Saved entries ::
****************************************

Lemma sqnormD_scale v w k :
  sqnorm (v + k *: w) = sqnorm v + 2%:R * k * dot v w + k ^+ 2 * sqnorm w.
Proof.
rewrite /sqnorm /dot !mulr_sumr -!big_split /=.
by apply: eq_bigr => i _; rewrite !mxE; ring.
Qed.

Lemma tensE a b i j : tens a b i j = a i 0 * b j 0.
Proof. by rewrite !mxE big_ord1 mxE. Qed.

Lemma mxtrace_tens a b : \tr (tens a b) = dot a b.
Proof. by apply: eq_bigr => i _; rewrite tensE. Qed.

End Forms.

Section DeviatoricForm.
Variables (R : realFieldType) (n : nat).
Implicit Types (A B C : 'M[R]_n) (v w : 'cV[R]_n).

Definition devsym_form A C : R :=
  \tr (A *m C^T) + \tr (A *m C) - 2%:R / n%:R * (\tr A * \tr C).

Lemma devsym_formC A C : devsym_form A C = devsym_form C A.
Proof.
rewrite /devsym_form [\tr (A *m C)]mxtrace_mulC [\tr A * _]mulrC.
by rewrite -[\tr (A *m C^T)]mxtrace_tr trmx_mul trmxK.
Qed.

Lemma devsym_formDl A B C : devsym_form (A + B) C = devsym_form A C + devsym_form B C.
Proof. by rewrite /devsym_form !mulmxDl !mxtraceD; ring. Qed.

Lemma devsym_formZl k A C : devsym_form (k *: A) C = k * devsym_form A C.
Proof. by rewrite /devsym_form -!scalemxAl !mxtraceZ; ring. Qed.

Lemma devsym_form_expand A C k :
  devsym_form (A + k *: C) (A + k *: C)
  = devsym_form A A + 2%:R * k * devsym_form A C + k ^+ 2 * devsym_form C C.
Proof.
rewrite devsym_formDl devsym_formZl ![devsym_form _ (A + _)]devsym_formC.
by rewrite !devsym_formDl !devsym_formZl [devsym_form C A]devsym_formC; ring.
Qed.

Lemma mxtrace_mul_trE A C : \tr (A *m C^T) = \sum_(i < n) \sum_(j < n) A i j * C i j.
Proof. by apply: eq_bigr => i _; rewrite mxE; apply: eq_bigr => j _; rewrite mxE. Qed.

Lemma mxtrace_mulE A C : \tr (A *m C) = \sum_(i < n) \sum_(j < n) A i j * C j i.
Proof. by apply: eq_bigr => i _; rewrite mxE. Qed.

Lemma devsym_form_tens v w :
  devsym_form (tens v w) (tens v w)
  = dot v v * dot w w + (1 - 2%:R / n%:R) * dot v w ^+ 2.
Proof.
have tens_sq : \sum_i \sum_j tens v w i j * tens v w i j = dot v v * dot w w.
  rewrite /dot big_distrlr; apply: eq_bigr => i _; apply: eq_bigr => j _.
  by rewrite /= !tensE; ring.
have tens_tr : \sum_i \sum_j tens v w i j * tens v w j i = dot v w ^+ 2.
  rewrite expr2 /dot big_distrlr; apply: eq_bigr => i _; apply: eq_bigr => j _.
  by rewrite /= !tensE; ring.
by rewrite /devsym_form mxtrace_mul_trE mxtrace_mulE mxtrace_tens tens_sq tens_tr; ring.
Qed.

Lemma sum_delta (i : 'I_n) (F : 'I_n -> R) : \sum_(a < n) (i == a)%:R * F a = F i.
Proof.
rewrite (bigD1 i) //= eqxx mul1r big1 ?addr0 // => a ai.
by rewrite eq_sym (negbTE ai) mul0r.
Qed.

Lemma sum_sym_sub_scalar_sq A h :
  \sum_(i < n) \sum_(a < n) (A i a + A a i - h * (i == a)%:R) ^+ 2
  = 2%:R * (\tr (A *m A^T) + \tr (A *m A)) - 4%:R * h * \tr A + n%:R * h ^+ 2.
Proof.
have row i : \sum_(a < n) (A i a + A a i - h * (i == a)%:R) ^+ 2
    = \sum_(a < n) (A i a * A i a + A a i * A a i + 2%:R * (A i a * A a i))
      - 4%:R * h * A i i + h ^+ 2.
  rewrite (eq_bigr (fun a => (A i a * A i a + A a i * A a i + 2%:R * (A i a * A a i))
                             - (i == a)%:R * (2%:R * h * (A i a + A a i) - h ^+ 2))).
    by rewrite sumrB sum_delta; ring.
  by move=> a _; case: (i == a) => /=; ring.
rewrite (eq_bigr _ (fun i _ => row i)) /= big_split sumrB /= -mulr_sumr sumr_const card_ord.
under eq_bigr => i _ do rewrite !big_split /= -mulr_sumr.
rewrite !big_split /= mxtrace_mul_trE mxtrace_mulE -mulr_sumr.
rewrite [\sum_i \sum_a A a i * A a i]exchange_big -[h ^+ 2 *+ n]mulr_natl /=.
by rewrite /mxtrace; ring.
Qed.
(* Let $k$ be a field of characteristic $\neq 2$ and let $\Psi:\mathfrak g_\boxtimes\to\mathfrak g=\mathfrak{sl}_2(k)\otimes_k\mathcal A$ be the Lie algebra homomorphism described in the context. Then $\Psi$ is surjective.
   Context: $\mathcal A=k[t,t^{-1},(1-t)^{-1}]\subset k(t)$, $t'=1-t^{-1}$, $t''=(1-t)^{-1}$. The Tetrahedron algebra $\mathfrak g_\boxtimes$ is the Lie algebra over $k$ with generators $X_{ij}$ ($i,j\in\{0,1,2,3\}$, $i\neq j$) and relations $X_{ij}+X_{ji}=0$ for $i\neq j$; $[X_{ij},X_{jk}]=2(X_{ij}+X_{jk})$ for mutually distinct $i,j,k$; $[X_{hi},[X_{hi},[X_{hi},X_{jk}]]]=4[X_{hi},X_{jk}]$ for mutually distinct $h,i,j,k$. With $x=\begin{pmatrix}-1&2\\0&1\end{pmatrix}$, $y=\begin{pmatrix}-1&0\\-2&1\end{pmatrix}$, $z=\begin{pmatrix}1&0\\0&-1\end{pmatrix}$, $\Psi$ is the Lie algebra homomorphism determined by $\Psi(X_{12})=x\otimes1$, $\Psi(X_{23})=y\otimes 1$, $\Psi(X_{31})=z\otimes 1$, $\Psi(X_{03})=y\otimes t+z\otimes(t-1)$, $\Psi(X_{01})=z\otimes t'+x\otimes(t'-1)$, $\Psi(X_{02})=x\otimes t''+y\otimes(t''-1)$. *)

From HB Require Import structures.
From mathcomp Require Import all_boot all_order all_algebra.
Set Implicit Arguments. Unset Strict Implicit. Unset Printing Implicit Defensive.
Import GRing.Theory.
Local Open Scope ring_scope.

(* k(t), realized as the fraction field of k[t]. *)
Definition ratk (k : fieldType) := {fraction {poly k}}.
Definition tK (k : fieldType) : ratk k := tofrac 'X.
Definition cK (k : fieldType) (a : k) : ratk k := tofrac (a%:P).

(* The ring A = k[t, t^-1, (1-t)^-1] inside k(t). *)
Definition in_A (k : fieldType) (f : ratk k) : Prop :=
  exists (p : {poly k}) (a b : nat),
    f = tofrac p / ((tK k) ^+ a * (1 - tK k) ^+ b).

(* sl_2(k) (x)_k A, identified with the traceless 2x2 matrices with entries
   in A, with Lie bracket the commutator. *)
Definition in_sl2A (k : fieldType) (M : 'M[ratk k]_2) : Prop :=
  \tr M = 0 /\ forall i j, in_A (M i j).

Definition mx2 (R : Type) (a b c d : R) : 'M[R]_2 :=
  \matrix_(i < 2, j < 2)
    if (i == 0 :> nat) then (if (j == 0 :> nat) then a else b)
    else (if (j == 0 :> nat) then c else d).

Definition mat_x (k : fieldType) : 'M[ratk k]_2 := mx2 (-1) 2%:R 0 1.
Definition mat_y (k : fieldType) : 'M[ratk k]_2 := mx2 (-1) 0 (- 2%:R) 1.
Definition mat_z (k : fieldType) : 'M[ratk k]_2 := mx2 1 0 0 (-1).

Definition t1 (k : fieldType) : ratk k := 1 - (tK k)^-1.
Definition t2 (k : fieldType) : ratk k := (1 - tK k)^-1.

Definition i0 : 'I_4 := @inord 3 0.
Definition i1 : 'I_4 := @inord 3 1.
Definition i2 : 'I_4 := @inord 3 2.
Definition i3 : 'I_4 := @inord 3 3.

Definition is_lie (k : fieldType) (L : lmodType k) (br : L -> L -> L) : Prop :=
  [/\ forall (a : k) x y z, br (a *: x + y) z = a *: br x z + br y z,
      forall (a : k) x y z, br z (a *: x + y) = a *: br z x + br z y,
      forall x, br x x = 0
    & forall x y z, br x (br y z) + br y (br z x) + br z (br x y) = 0].

(* The family X satisfies the defining relations of the Tetrahedron algebra. *)
Definition tet_relations (k : fieldType) (L : lmodType k) (br : L -> L -> L)
    (X : 'I_4 -> 'I_4 -> L) : Prop :=
  [/\ forall i j, i != j -> X i j + X j i = 0,
      forall i j l, i != j -> j != l -> i != l ->
        br (X i j) (X j l) = 2%:R *: (X i j + X j l)
    & forall h i j l, [&& h != i, h != j, h != l, i != j, i != l & j != l] ->
        br (X h i) (br (X h i) (br (X h i) (X j l)))
          = 4%:R *: br (X h i) (X j l)].

Definition lie_generated (k : fieldType) (L : lmodType k) (br : L -> L -> L)
    (X : 'I_4 -> 'I_4 -> L) : Prop :=
  forall S : L -> Prop,
    (forall i j, i != j -> S (X i j)) ->
    S 0 ->
    (forall x y, S x -> S y -> S (x + y)) ->
    (forall (a : k) x, S x -> S (a *: x)) ->
    (forall x y, S x -> S y -> S (br x y)) ->
    forall x, S x.

Definition lie_hom_to_sl2A (k : fieldType) (L : lmodType k) (br : L -> L -> L)
    (Psi : L -> 'M[ratk k]_2) : Prop :=
  (forall (a : k) x y, Psi (a *: x + y) = cK a *: Psi x + Psi y) /\
  (forall x y, Psi (br x y) = Psi x * Psi y - Psi y * Psi x).

Definition psi_values (k : fieldType) (L : lmodType k)
    (X : 'I_4 -> 'I_4 -> L) (Psi : L -> 'M[ratk k]_2) : Prop :=
  [/\ Psi (X i1 i2) = mat_x k,
      Psi (X i2 i3) = mat_y k
    & Psi (X i3 i1) = mat_z k] /\
  [/\ Psi (X i0 i3) = tK k *: mat_y k + (tK k - 1) *: mat_z k,
      Psi (X i0 i1) = t1 k *: mat_z k + (t1 k - 1) *: mat_x k
    & Psi (X i0 i2) = t2 k *: mat_x k + (t2 k - 1) *: mat_y k].

(* The image [S] of Psi is closed under k-linear combinations and commutators.
   Call [a] in k(t) a coefficient of [S] when [S] contains e (x) a, f (x) a and
   h (x) a.  Since 2 is invertible, [e (x) a] alone suffices, because
   [e (x) a, f (x) 1] = h (x) a and [f (x) 1, h (x) a] = 2 f (x) a; and from
   [e (x) a, f (x) b] = h (x) ab the coefficients form a k-subalgebra of k(t).
   It contains 1, as Psi(X12), Psi(X23), Psi(X31) span sl2(k).  The double
   bracket [e, [e, M]] = -2 M_10 e (and dually with f) extracts entries of
   Psi(X03), Psi(X01), Psi(X02), showing that t, t^-1 and (1 - t)^-1 are
   coefficients; these generate A as a k-algebra.  Finally a traceless M over A
   is h (x) M_00 + e (x) M_01 + f (x) M_10. *)

From HB Require Import structures.
From mathcomp Require Import all_boot all_order all_algebra.
From mathcomp Require Import ring.
Set Implicit Arguments. Unset Strict Implicit.
Import GRing.Theory.
Local Open Scope ring_scope.

Section Mx2.
Variable R : comNzRingType.
Implicit Types (a b c d s : R) (M : 'M[R]_2).

Lemma mx2_mul a b c d a' b' c' d' :
  mx2 a b c d * mx2 a' b' c' d' =
  mx2 (a * a' + b * c') (a * b' + b * d') (c * a' + d * c') (c * b' + d * d').
Proof.
apply/matrixP => i j; rewrite !mxE !big_ord_recl big_ord0 !mxE /= !addr0.
by case: i => [[|[|i]] Hi] //; case: j => [[|[|j]] Hj].
Qed.

Lemma mx2_add a b c d a' b' c' d' :
  mx2 a b c d + mx2 a' b' c' d' = mx2 (a + a') (b + b') (c + c') (d + d').
Proof.
apply/matrixP => i j; rewrite !mxE.
by case: i => [[|[|i]] Hi] //; case: j => [[|[|j]] Hj].
Qed.

Lemma mx2_opp a b c d : - mx2 a b c d = mx2 (- a) (- b) (- c) (- d).
Proof.
apply/matrixP => i j; rewrite !mxE.
by case: i => [[|[|i]] Hi] //; case: j => [[|[|j]] Hj].
Qed.

Lemma mx2_scale s a b c d : s *: mx2 a b c d = mx2 (s * a) (s * b) (s * c) (s * d).
Proof.
apply/matrixP => i j; rewrite !mxE.
by case: i => [[|[|i]] Hi] //; case: j => [[|[|j]] Hj].
Qed.

Lemma mx2_eta M : M = mx2 (M 0 0) (M 0 1) (M 1 0) (M 1 1).
Proof.
apply/matrixP => i j; rewrite !mxE.
by case: i => [[|[|i]] Hi] //; case: j => [[|[|j]] Hj] //=; congr (M _ _); apply/val_inj.
Qed.

Lemma mx2E01 a b c d : mx2 a b c d 0 1 = b.
Proof. by rewrite mxE. Qed.

Lemma mx2E10 a b c d : mx2 a b c d 1 0 = c.
Proof. by rewrite mxE. Qed.

Definition e_mx a := mx2 0 a 0 0.
Definition f_mx a := mx2 0 0 a 0.
Definition h_mx a := mx2 a 0 0 (- a).

Lemma traceless_mx2_decomp M :
  \tr M = 0 -> M = h_mx (M 0 0) + e_mx (M 0 1) + f_mx (M 1 0).
Proof.
rewrite /mxtrace !big_ord_recl big_ord0 addr0 => /eqP; rewrite addr_eq0 => /eqP tr0.
rewrite [LHS]mx2_eta /e_mx /f_mx /h_mx !mx2_add.
have -> : M 1 1 = M (lift ord0 ord0) (lift ord0 ord0) by congr (M _ _); apply/val_inj.
by rewrite tr0; congr mx2; ring.
Qed.

End Mx2.

Ltac mx2_ring :=
  rewrite /e_mx /f_mx /h_mx ?(mx2_mul, mx2_scale, mx2_opp, mx2_add); congr mx2; ring.

Section Sl2Coefficients.
Variables (k : fieldType) (R : comNzRingType) (f : {rmorphism k -> R}).
Variable S : 'M[R]_2 -> Prop.
Hypothesis two_neq0 : 2%:R != 0 :> k.
Hypothesis S_add : forall M N, S M -> S N -> S (M + N).
Hypothesis S_scale : forall c M, S M -> S (f c *: M).
Hypothesis S_comm : forall M N, S M -> S N -> S (M * N - N * M).

Lemma S_opp M : S M -> S (- M).
Proof. by move/(S_scale (-1)); rewrite rmorphN1 scaleN1r. Qed.

Lemma S_half M : S (2%:R *: M) -> S M.
Proof.
move/(S_scale 2%:R^-1); rewrite scalerA -(rmorph_nat f) -rmorphM mulVf //.
by rewrite rmorph1 scale1r.
Qed.

Definition sl2_coef a := [/\ S (e_mx a), S (f_mx a) & S (h_mx a)].

Hypothesis sl2_coef1 : sl2_coef 1.

Lemma sl2_coef_e a : S (e_mx a) -> sl2_coef a.
Proof.
case: sl2_coef1 => _ F1 _ Ea.
have Ha : S (h_mx a).
  have -> : h_mx a = e_mx a * f_mx 1 - f_mx 1 * e_mx a by mx2_ring.
  exact: S_comm.
split=> //; apply: S_half.
have -> : 2%:R *: f_mx a = f_mx 1 * h_mx a - h_mx a * f_mx 1 by mx2_ring.
exact: S_comm.
Qed.

Lemma sl2_coef_h a : S (h_mx a) -> sl2_coef a.
Proof.
case: sl2_coef1 => E1 _ _ Ha; apply/sl2_coef_e/S_half.
have -> : 2%:R *: e_mx a = h_mx a * e_mx 1 - e_mx 1 * h_mx a by mx2_ring.
exact: S_comm.
Qed.

Lemma sl2_coef_f a : S (f_mx a) -> sl2_coef a.
Proof.
case: sl2_coef1 => E1 _ _ Fa; apply: sl2_coef_h.
have -> : h_mx a = e_mx 1 * f_mx a - f_mx a * e_mx 1 by mx2_ring.
exact: S_comm.
Qed.

Lemma sl2_coefD a b : sl2_coef a -> sl2_coef b -> sl2_coef (a + b).
Proof.
case=> Ea _ _ [Eb _ _]; apply: sl2_coef_e.
have -> : e_mx (a + b) = e_mx a + e_mx b by mx2_ring.
exact: S_add.
Qed.

Lemma sl2_coefZ c a : sl2_coef a -> sl2_coef (f c * a).
Proof.
case=> Ea _ _; apply: sl2_coef_e.
have -> : e_mx (f c * a) = f c *: e_mx a by mx2_ring.
exact: S_scale.
Qed.

Lemma sl2_coefN a : sl2_coef a -> sl2_coef (- a).
Proof. by move/(sl2_coefZ (-1)); rewrite rmorphN1 mulN1r. Qed.

Lemma sl2_coef_half a : sl2_coef (2%:R * a) -> sl2_coef a.
Proof.
move/(sl2_coefZ 2%:R^-1); rewrite mulrA -(rmorph_nat f) -rmorphM mulVf //.
by rewrite rmorph1 mul1r.
Qed.

Lemma sl2_coefM a b : sl2_coef a -> sl2_coef b -> sl2_coef (a * b).
Proof.
case=> Ea _ _ [_ Fb _]; apply: sl2_coef_h.
have -> : h_mx (a * b) = e_mx a * f_mx b - f_mx b * e_mx a by mx2_ring.
exact: S_comm.
Qed.

Lemma sl2_coefX a n : sl2_coef a -> sl2_coef (a ^+ n).
Proof.
move=> Ca; elim: n => [|n IHn]; first by rewrite expr0.
by rewrite exprS; apply: sl2_coefM.
Qed.

Lemma sl2_coef_horner a (p : {poly k}) : sl2_coef a -> sl2_coef (map_poly f p).[a].
Proof.
move=> Ca; elim/poly_ind: p => [|p c IHp].
  by rewrite rmorph0 horner0; have := sl2_coefZ 0 sl2_coef1; rewrite rmorph0 mul0r.
rewrite rmorphD rmorphM /= map_polyX map_polyC hornerMXaddC.
by apply: sl2_coefD; [apply: sl2_coefM | rewrite -[X in sl2_coef X]mulr1; apply: sl2_coefZ].
Qed.

Lemma sl2_coef_entry10 M : S M -> sl2_coef (M 1 0).
Proof.
case: sl2_coef1 => E1 _ _ SM; apply/sl2_coef_e/S_half.
have -> : 2%:R *: e_mx (M 1 0) =
    - (e_mx 1 * (e_mx 1 * M - M * e_mx 1) - (e_mx 1 * M - M * e_mx 1) * e_mx 1).
  by rewrite [in RHS](mx2_eta M); mx2_ring.
by apply/S_opp/S_comm => //; apply: S_comm.
Qed.

Lemma sl2_coef_entry01 M : S M -> sl2_coef (M 0 1).
Proof.
case: sl2_coef1 => _ F1 _ SM; apply/sl2_coef_f/S_half.
have -> : 2%:R *: f_mx (M 0 1) =
    - (f_mx 1 * (f_mx 1 * M - M * f_mx 1) - (f_mx 1 * M - M * f_mx 1) * f_mx 1).
  by rewrite [in RHS](mx2_eta M); mx2_ring.
by apply/S_opp/S_comm => //; apply: S_comm.
Qed.

Lemma traceless_mx2_in M :
  \tr M = 0 -> sl2_coef (M 0 0) -> sl2_coef (M 0 1) -> sl2_coef (M 1 0) -> S M.
Proof.
move=> tr0 [_ _ H00] [E01 _ _] [_ F10 _]; rewrite (traceless_mx2_decomp tr0).
by apply: S_add => //; apply: S_add.
Qed.

End Sl2Coefficients.

Lemma tofrac_horner (k : fieldType) (p : {poly k}) :
  tofrac p = (map_poly ((@tofrac _) \o polyC) p).[tK k].
Proof.
elim/poly_ind: p => [|p c IHp]; first by rewrite !rmorph0 horner0.
by rewrite !rmorphD !rmorphM /= map_polyX map_polyC hornerMXaddC -IHp.
Qed.

Lemma cK1 (k : fieldType) : cK (1 : k) = 1.
Proof. by rewrite /cK polyC1 rmorph1. Qed.

Section TetrahedronImage.
Variables (k : fieldType) (L : lmodType k) (br : L -> L -> L).
Variables (X : 'I_4 -> 'I_4 -> L) (Psi : L -> 'M[ratk k]_2).
Hypothesis two_neq0 : 2%:R != 0 :> k.
Hypothesis Psi_hom : lie_hom_to_sl2A br Psi.
Hypothesis Psi_X : psi_values X Psi.

Definition in_range M := exists l, Psi l = M.

Let polyK : {rmorphism k -> ratk k} := (@tofrac _) \o polyC.

Lemma Psi0 : Psi 0 = 0.
Proof.
case: Psi_hom => Psi_lin _; have := Psi_lin 1 0 0.
by rewrite scale1r addr0 cK1 scale1r => /esym/eqP; rewrite -subr_eq0 addrK => /eqP.
Qed.

Lemma in_rangeD M N : in_range M -> in_range N -> in_range (M + N).
Proof.
case: Psi_hom => Psi_lin _ [l <-] [l' <-]; exists (l + l').
by have := Psi_lin 1 l l'; rewrite cK1 !scale1r.
Qed.

Lemma in_rangeZ c M : in_range M -> in_range (polyK c *: M).
Proof.
case: Psi_hom => Psi_lin _ [l <-]; exists (c *: l).
by rewrite -[c *: l]addr0 Psi_lin Psi0 addr0.
Qed.

Lemma in_range_comm M N : in_range M -> in_range N -> in_range (M * N - N * M).
Proof. by case: Psi_hom => _ Psi_br [l <-] [l' <-]; exists (br l l'). Qed.

Lemma in_range_X i j : in_range (Psi (X i j)).
Proof. by exists (X i j). Qed.

Lemma sl2_coef_range1 : sl2_coef in_range 1.
Proof.
case: Psi_X => [[Px Py Pz] _].
have Sx := in_range_X i1 i2; have Sy := in_range_X i2 i3; have Sz := in_range_X i3 i1.
rewrite Px in Sx; rewrite Py in Sy; rewrite Pz in Sz.
split; apply: (S_half two_neq0 in_rangeZ).
- have -> : 2%:R *: e_mx 1 = mat_x k + mat_z k by rewrite /mat_x /mat_z; mx2_ring.
  exact: in_rangeD.
- have -> : 2%:R *: f_mx 1 = - (mat_y k + mat_z k) by rewrite /mat_y /mat_z; mx2_ring.
  by apply: (S_opp in_rangeZ); apply: in_rangeD.
- have -> : 2%:R *: h_mx 1 = mat_z k + mat_z k by rewrite /mat_z; mx2_ring.
  exact: in_rangeD.
Qed.

Let range_closedN := sl2_coefN two_neq0 in_rangeZ in_range_comm sl2_coef_range1.
Let range_closedD := sl2_coefD two_neq0 in_rangeD in_rangeZ in_range_comm sl2_coef_range1.
Let range_closedM := sl2_coefM two_neq0 in_rangeZ in_range_comm sl2_coef_range1.
Let range_closedX := sl2_coefX two_neq0 in_rangeZ in_range_comm sl2_coef_range1.
Let range_half := sl2_coef_half two_neq0 in_rangeZ in_range_comm sl2_coef_range1.
Let range_horner :=
  sl2_coef_horner two_neq0 in_rangeD in_rangeZ in_range_comm sl2_coef_range1.
Let range_entry10 := sl2_coef_entry10 two_neq0 in_rangeZ in_range_comm sl2_coef_range1.
Let range_entry01 := sl2_coef_entry01 two_neq0 in_rangeZ in_range_comm sl2_coef_range1.

Lemma sl2_coef_range_halfN a : sl2_coef in_range (- (2%:R * a)) -> sl2_coef in_range a.
Proof. by move/range_closedN; rewrite opprK; apply: range_half. Qed.

Lemma sl2_coef_range_t : sl2_coef in_range (tK k).
Proof.
case: Psi_X => _ [P03 _ _]; apply: sl2_coef_range_halfN.
have <- : Psi (X i0 i3) 1 0 = - (2%:R * tK k).
  by rewrite P03 /mat_y /mat_z !mx2_scale mx2_add mx2E10; ring.
exact/range_entry10/in_range_X.
Qed.

Lemma sl2_coef_range_tV : sl2_coef in_range (tK k)^-1.
Proof.
case: Psi_X => _ [_ P01 _]; apply: sl2_coef_range_halfN.
have <- : Psi (X i0 i1) 0 1 = - (2%:R * (tK k)^-1).
  by rewrite P01 /mat_x /mat_z /t1 !mx2_scale mx2_add mx2E01; ring.
exact/range_entry01/in_range_X.
Qed.

Lemma sl2_coef_range_t2 : sl2_coef in_range (t2 k).
Proof.
case: Psi_X => _ [_ _ P02]; rewrite -(subrK 1 (t2 k)).
apply: range_closedD sl2_coef_range1; apply: sl2_coef_range_halfN.
have <- : Psi (X i0 i2) 1 0 = - (2%:R * (t2 k - 1)).
  by rewrite P02 /mat_x /mat_y !mx2_scale mx2_add mx2E10; ring.
exact/range_entry10/in_range_X.
Qed.

Lemma sl2_coef_range_A g : in_A g -> sl2_coef in_range g.
Proof.
case=> p [a [b ->]]; rewrite invfM -!exprVn -[(1 - tK k)^-1]/(t2 k) tofrac_horner.
apply: range_closedM; first exact: range_horner sl2_coef_range_t.
by apply: range_closedM; apply: range_closedX;
  [exact: sl2_coef_range_tV | exact: sl2_coef_range_t2].
Qed.

End TetrahedronImage.

Theorem corollary1p3 (k : fieldType) (hk : (2%:R : k) != 0)
    (L : lmodType k) (br : L -> L -> L) (X : 'I_4 -> 'I_4 -> L)
    (Psi : L -> 'M[ratk k]_2) :
  is_lie br -> tet_relations br X -> lie_generated br X ->
  lie_hom_to_sl2A br Psi -> psi_values X Psi ->
  forall M : 'M[ratk k]_2, in_sl2A M -> exists l : L, Psi l = M.
Proof.
move=> _ _ _ Psi_hom Psi_X M [trM0 M_A].
apply: (traceless_mx2_in (in_rangeD Psi_hom) trM0);
  exact: (sl2_coef_range_A hk Psi_hom Psi_X).
Qed.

****************************************

WORK ITEM ::
Lines containing the string "elim" are the ones to copy from the entries above.

RESPONSE ::
move=> Ca; elim: n => [|n IHn]; first by rewrite expr0.
move=> Ca; elim/poly_ind: p => [|p c IHp].
elim/poly_ind: p => [|p c IHp]; first by rewrite !rmorph0 horner0.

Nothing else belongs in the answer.